»»

Lemma sub_at_zero_rel (u : {ffun (E * I)%type -> F2^o}) :
  u - at_zero (coinvE u) = \sum_(p : (E * I)%type) (- u p) *: relE actE (p.1, 0, p.2).
Proof.
apply/ffunP => [[e j]]; rewrite sum_ffunE !ffunE /=.
have diag : \sum_(p : (E * I)%type) u p * ((e, j) == (p.1, p.2 + 0))%:R = u (e, j).
  rewrite (bigD1 (e, j)) //= addr0 eqxx mulr1 big1 ?addr0 // => [[a k]] /= ne_p.
  by rewrite addr0 eq_sym (negbTE ne_p) mulr0.
have moved : \sum_(p : (E * I)%type) u p * ((e, j) == (actE p.1 p.2, 0))%:R =
    (j == 0)%:R * \sum_(k < n.+1) u (actE e (- k), k).
  transitivity (\sum_(a : E) \sum_(k : I) u (a, k) * ((e, j) == (actE a k, 0))%:R).
    by rewrite pair_bigA; apply: eq_bigr => [[a k]].
  rewrite exchange_big mulr_sumr; apply: eq_bigr => k _.
  rewrite (bigD1 (actE e (- k))) //= big1 ?addr0 => [|a ne_a]; last first.
    by rewrite xpair_eqE -(act_eq actE_right) eq_sym (negbTE ne_a) mulr0.
  by rewrite xpair_eqE actEKV eqxx /= mulrC.
rewrite -diag -moved -sumrB; apply: eq_bigr => p _; rewrite !ffunE.
by rewrite scalerBr !scaleNr opprK addrC.
Qed.

Lemma sub_at_zero_span (u : {ffun (E * I)%type -> F2^o}) :
  u - at_zero (coinvE u) \in <<[seq relE actE p | p : (E * I * I)%type]>>%VS.
Proof.
rewrite sub_at_zero_rel; apply: memv_suml => p _; apply/memvZ/memv_span.
by apply/mapP; exists (p.1, 0, p.2); rewrite ?mem_enum.
Qed.

Lemma norm_add x y : norm (x + y) = norm x + norm y.
Proof. by apply/ffunP => e; rewrite !ffunE -big_split; apply: eq_bigr => h _; rewrite ffunE. Qed.

Lemma norm_shift x : norm (shift x) = norm x.
Proof.
apply/ffunP => e; rewrite !ffunE [RHS](reindex_inj (addIr (- Zp1))) /=.
by apply: eq_bigr => h _; rewrite ffunE actEA.
Qed.

Lemma norm_act x e h : norm x (actE e h) = norm x e.
Proof.
rewrite !ffunE [RHS](reindex_inj (addrI h)) /=.
by apply: eq_bigr => g _; rewrite actEA.
Qed.

Lemma gen_mul_inj : injective (fun i : I => (- Zp1 : I) *+ i).
Proof.
move=> i j /= /eqP; rewrite !mulNrn eqr_opp !Zp_mulrn => /eqP /(congr1 val) /=.
by rewrite !modnMml !mul1n !modn_small // => eq_ij; apply: val_inj.
Qed.

Definition alt_sum (z : {ffun E -> F2^o}) : {ffun E -> F2^o} :=
  [ffun e => \sum_(i < n.+1) (odd i)%:R * z (actE e ((- Zp1) *+ i))].

(* Since l is odd, every chain of norm zero is of the form w + shift w. *)
Lemma norm0_shift_bd z : norm z = 0 -> alt_sum z + shift (alt_sum z) = z.
Proof.
move=> norm_z; apply/ffunP => e; rewrite !ffunE.
have orbit_sum : \sum_(i < n.+1) z (actE e ((- Zp1) *+ i)) = 0.
  by move/ffunP: norm_z => /(_ e); rewrite !ffunE (reindex_inj gen_mul_inj).
rewrite big_ord_recl /= mulr0n actE0 in orbit_sum.
under [X in _ + X = _]eq_bigr do rewrite actEA -mulrS.
rewrite big_ord_recl big_ord_recr /= mul0r add0r.
have -> : odd n = false by move: odd_l => /= /negPf.
rewrite mul0r addr0 -big_split /=.
rewrite (eq_bigr (fun i : 'I_n => z (actE e ((- Zp1) *+ i.+1)))); last first.
  move=> i _; rewrite /bump /= add1n -mulrDl.
  by case: (odd i) => /=; rewrite ?add0r ?addr0 mul1r.
by move/eqP: orbit_sum; rewrite addrC addr_eq0 F2_opp => /eqP.
Qed.

Lemma d1_linear : linfun (@d1 n V E ends s m D lab) =1 @d1 n V E ends s m D lab.
Proof.
apply: linfun_linear => a y z; apply/ffunP => q; rewrite /d1 !ffunE /=.
rewrite -(tanner_bd_ext (x := fun e => a * y.1 (e, q.2) + z.1 (e, q.2))); last first.
  by move=> e; rewrite !ffunE.
have regroup (A B C A' B' C' : 'rV[F2]_m) :
    a *: A + A' + (a *: B + B') + (a *: C + C') = a *: (A + B + C) + (A' + B' + C').
  by rewrite !scalerDr [a *: A + A' + _]addrACA [_ + (A' + B') + _]addrACA.
by rewrite tanner_bd_linear regroup.
Qed.

Lemma d2_linear : linfun (@d2 n V E ends s m D lab) =1 @d2 n V E ends s m D lab.
Proof.
apply: linfun_linear => a y z; rewrite /d2 /=; congr (_, _); apply/ffunP => q; rewrite !ffunE.
  by rewrite scalerDr addrACA.
rewrite -(tanner_bd_ext (x := fun e => a * y (e, q.2) + z (e, q.2))) ?tanner_bd_linear //.
by move=> e; rewrite !ffunE.
Qed.

Lemma coinvV_linear : linfun coinvV =1 coinvV.
Proof.
apply: linfun_linear => a y z; apply/ffunP => v; rewrite !ffunE scaler_sumr -big_split /=.
by apply: eq_bigr => k _; rewrite !ffunE.
Qed.

Lemma horizontal_linear : linfun (fun u : P1a n E => (u, 0 : P1b n V m)) =1 (fun u => (u, 0)).
Proof. by apply: linfun_linear => a y z; congr (_, _); rewrite /= scaler0 addr0. Qed.

Definition theta (y : P1 n V E m) : {ffun E -> F2^o} := norm (coinvE y.1).

Lemma theta_linear : linfun theta =1 theta.
Proof.
apply: linfun_linear => a y z; apply/ffunP => e; rewrite !ffunE /= scaler_sumr -big_split /=.
apply: eq_bigr => h _; rewrite !ffunE scaler_sumr -big_split /=.
by apply: eq_bigr => k _; rewrite !ffunE.
Qed.

Lemma coinvV_R0 f : f \in R0 actV m -> coinvV f = 0.
Proof.
move=> R0f; suff : f \in lker (linfun coinvV) by rewrite memv_ker coinvV_linear => /eqP.
move: f R0f; apply/subvP/span_subvP => f /mapP [p _ ->].
by rewrite memv_ker coinvV_linear coinvV_rel.
Qed.

Lemma theta_R1 y : y \in R1 actV actE m -> theta y = 0.
Proof.
have norm0 : norm 0 = 0 by apply/ffunP => e; rewrite !ffunE big1 // => h _; rewrite ffunE.
move=> R1y; suff : y \in lker (linfun theta) by rewrite memv_ker theta_linear => /eqP.
move: y R1y; apply/subvP; rewrite subv_add; apply/andP.
split; apply/span_subvP => y /mapP [p _ ->]; rewrite memv_ker theta_linear /theta /=.
  by rewrite coinvE_rel norm0.
suff -> : coinvE 0 = 0 by rewrite norm0.
by apply/ffunP => e; rewrite !ffunE big1 // => h _; rewrite ffunE.
Qed.

(* Theta kills horizontal boundaries since N (z + S z) = 2 N z = 0. *)
Lemma theta_d2 y : theta (d2 ends D lab y) = 0.
Proof. by rewrite /theta /= coinvE_cycle_bd norm_add norm_shift ffun_F2_addxx. Qed.

Lemma theta_B1 y : y \in B1 ends actV actE D lab -> theta y = 0.
Proof.
case/memv_addP => [_ /memv_imgP [x _ ->] [r R1r ->]].
by rewrite -theta_linear linearD /= !theta_linear d2_linear theta_d2 theta_R1 // add0r.
Qed.

Lemma coinvV_d1 (u : P1a n E) :
  coinvV (d1 ends D lab (u, 0)) = [ffun v => tb (fun e => coinvE u e) v].
Proof.
apply/ffunP => v; rewrite !ffunE.
under eq_bigr do rewrite !ffunE /= !addr0 -tanner_bd_act.
by rewrite -tanner_bd_sum; apply: tanner_bd_ext => e; rewrite ffunE.
Qed.

Lemma Z1h_coinv y : y \in Z1h ends actV D lab ->
  exists u, y = (u, 0) /\ forall v, tb (fun e => coinvE u e) v = 0.
Proof.
case/memv_capP => Z1y /memv_imgP [u _ y_eq]; rewrite horizontal_linear in y_eq; subst y.
exists u; split => // v; rewrite -memv_preim d1_linear in Z1y.
by have /ffunP/(_ v) := coinvV_R0 Z1y; rewrite coinvV_d1 !ffunE.
Qed.

Lemma at_zero_Z1h (x : {ffun E -> F2^o}) : (forall v, tb (fun e => x e) v = 0) ->
  (at_zero x, 0) \in Z1h ends actV D lab.
Proof.
move=> cycle_x; rewrite memv_cap; apply/andP; split; last first.
  by rewrite -(horizontal_linear (at_zero x)); apply/memv_img/memvf.
rewrite -memv_preim d1_linear.
suff -> : d1 ends D lab (at_zero x, 0) = 0 by rewrite mem0v.
apply/ffunP => q; rewrite !ffunE /= !addr0.
rewrite -(tanner_bd_ext (x := fun e => (q.2 == 0)%:R * x e)); last by move=> e; rewrite ffunE.
by rewrite tanner_bdZ cycle_x scaler0.
Qed.

Lemma same_coinv_R1 (u u' : P1a n E) : coinvE u = coinvE u' ->
  ((u - u', 0) : P1 n V E m) \in R1 actV actE m.
Proof.
move=> eq_coinv; rewrite -[X in X \in _]addr0; apply: memv_add (mem0v _).
have -> : u - u' = (u - at_zero (coinvE u)) - (u' - at_zero (coinvE u')).
  by rewrite eq_coinv opprB addrA subrK.
have /memv_img := memvB (sub_at_zero_span u) (sub_at_zero_span u').
move/(_ _ (linfun (fun u : P1a n E => (u, 0 : P1b n V m)))).
rewrite horizontal_linear limg_span; apply/subvP/span_subvP => _ /mapP [_ /mapP [p _ ->] ->].
by rewrite horizontal_linear; apply: memv_span; apply/mapP; exists p; rewrite ?mem_enum.
Qed.

Lemma d2_at_zero_horizontal (w : {ffun E -> F2^o}) : (forall v, tb (fun e => w e) v = 0) ->
  d2 ends D lab (at_zero w) = ((d2 ends D lab (at_zero w)).1, 0).
Proof.
move=> cycle_w; congr (_, _); apply/ffunP => q; rewrite !ffunE.
rewrite -(tanner_bd_ext (x := fun e => (q.2 == 0)%:R * w e)); last by move=> e; rewrite ffunE.
by rewrite tanner_bdZ cycle_w scaler0.
Qed.

(* Key step, using that l is odd: a horizontal cycle killed by Theta is a
   boundary, namely the boundary of the alternating sum of its coinvariant. *)
Lemma theta0_B1 y : y \in Z1h ends actV D lab -> theta y = 0 ->
  y \in B1 ends actV actE D lab.
Proof.
case/Z1h_coinv => u [-> cycle_u]; rewrite /theta /= => norm0.
set w := alt_sum (coinvE u).
have cycle_w v : tb (fun e => w e) v = 0.
  rewrite -(tanner_bd_ext (x := fun e => \sum_(i < n.+1)
       (odd i)%:R * coinvE u (actE e ((- Zp1) *+ i)))); last by move=> e; rewrite ffunE.
  rewrite tanner_bd_sum big1 // => i _.
  by rewrite tanner_bdZ tanner_bd_act cycle_u scaler0.
set b := d2 ends D lab (at_zero w).
have coinv_b : coinvE b.1 = coinvE u by rewrite /= coinvE_cycle_bd coinvE_at_zero norm0_shift_bd.
have -> : ((u, 0) : P1 n V E m) = b + (u - b.1, 0).
  rewrite /b d2_at_zero_horizontal //; apply: injective_projections => /=.
    by rewrite addrC subrK.
  by rewrite addr0.
apply: memv_add; first by rewrite /b -d2_linear; apply/memv_img/memvf.
by apply: same_coinv_R1; rewrite coinv_b.
Qed.

Definition invariant_cycle (x : {ffun E -> F2^o}) : Prop :=
  (forall v, tb (fun e => x e) v = 0) /\ (forall e h, x (actE e h) = x e).

(* Theta maps the horizontal cycles onto the invariant Tanner cycles; here
   surjectivity uses that l is odd, so that N x = l x = x for invariant x. *)
Lemma theta_image x :
  x \in (linfun theta @: Z1h ends actV D lab)%VS <-> invariant_cycle x.
Proof.
split=> [/memv_imgP [y /Z1h_coinv [u [-> cycle_u]] ->]|[cycle_x inv_x]].
  rewrite theta_linear /theta /=; split => [v|e h]; last exact: norm_act.
  rewrite -(tanner_bd_ext (x := fun e => \sum_h coinvE u (actE e h))); last first.
    by move=> e; rewrite ffunE.
  by rewrite tanner_bd_sum big1 // => h _; rewrite tanner_bd_act cycle_u.
have -> : x = linfun theta (at_zero x, 0).
  rewrite theta_linear /theta /= coinvE_at_zero; apply/ffunP => e; rewrite ffunE.
  under eq_bigr do rewrite inv_x.
  by rewrite sumr_const card_ord F2_mulrn_odd.
exact/memv_img/at_zero_Z1h.
Qed.

Local Notation qends := (@quot_ends n V E ends actV actE).
Local Notation qlab := (@quot_lab n V E ends actV actE s lab).

Lemma ends_orbits_neq e : orbit_cls actV (ends e).1 != orbit_cls actV (ends e).2.
Proof. by apply/eqP => /(orbit_cls_eq actV_right) [h orb]; apply: (no_orbit_rev orb). Qed.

««

Work to complete> What you return should be exactly the lines above, starting at the one with "under [X in" and ending at the one with "by rewrite scalerDr addrACA.", and nothing else.

Result>
under [X in _ + X = _]eq_bigr do rewrite actEA -mulrS.
rewrite big_ord_recl big_ord_recr /= mul0r add0r.
have -> : odd n = false by move: odd_l => /= /negPf.
rewrite mul0r addr0 -big_split /=.
rewrite (eq_bigr (fun i : 'I_n => z (actE e ((- Zp1) *+ i.+1)))); last first.
  move=> i _; rewrite /bump /= add1n -mulrDl.
  by case: (odd i) => /=; rewrite ?add0r ?addr0 mul1r.
by move/eqP: orbit_sum; rewrite addrC addr_eq0 F2_opp => /eqP.
Qed.

Lemma d1_linear : linfun (@d1 n V E ends s m D lab) =1 @d1 n V E ends s m D lab.
Proof.
apply: linfun_linear => a y z; apply/ffunP => q; rewrite /d1 !ffunE /=.
rewrite -(tanner_bd_ext (x := fun e => a * y.1 (e, q.2) + z.1 (e, q.2))); last first.
  by move=> e; rewrite !ffunE.
have regroup (A B C A' B' C' : 'rV[F2]_m) :
    a *: A + A' + (a *: B + B') + (a *: C + C') = a *: (A + B + C) + (A' + B' + C').
  by rewrite !scalerDr [a *: A + A' + _]addrACA [_ + (A' + B') + _]addrACA.
by rewrite tanner_bd_linear regroup.
Qed.

Lemma d2_linear : linfun (@d2 n V E ends s m D lab) =1 @d2 n V E ends s m D lab.
Proof.
apply: linfun_linear => a y z; rewrite /d2 /=; congr (_, _); apply/ffunP => q; rewrite !ffunE.
  by rewrite scalerDr addrACA.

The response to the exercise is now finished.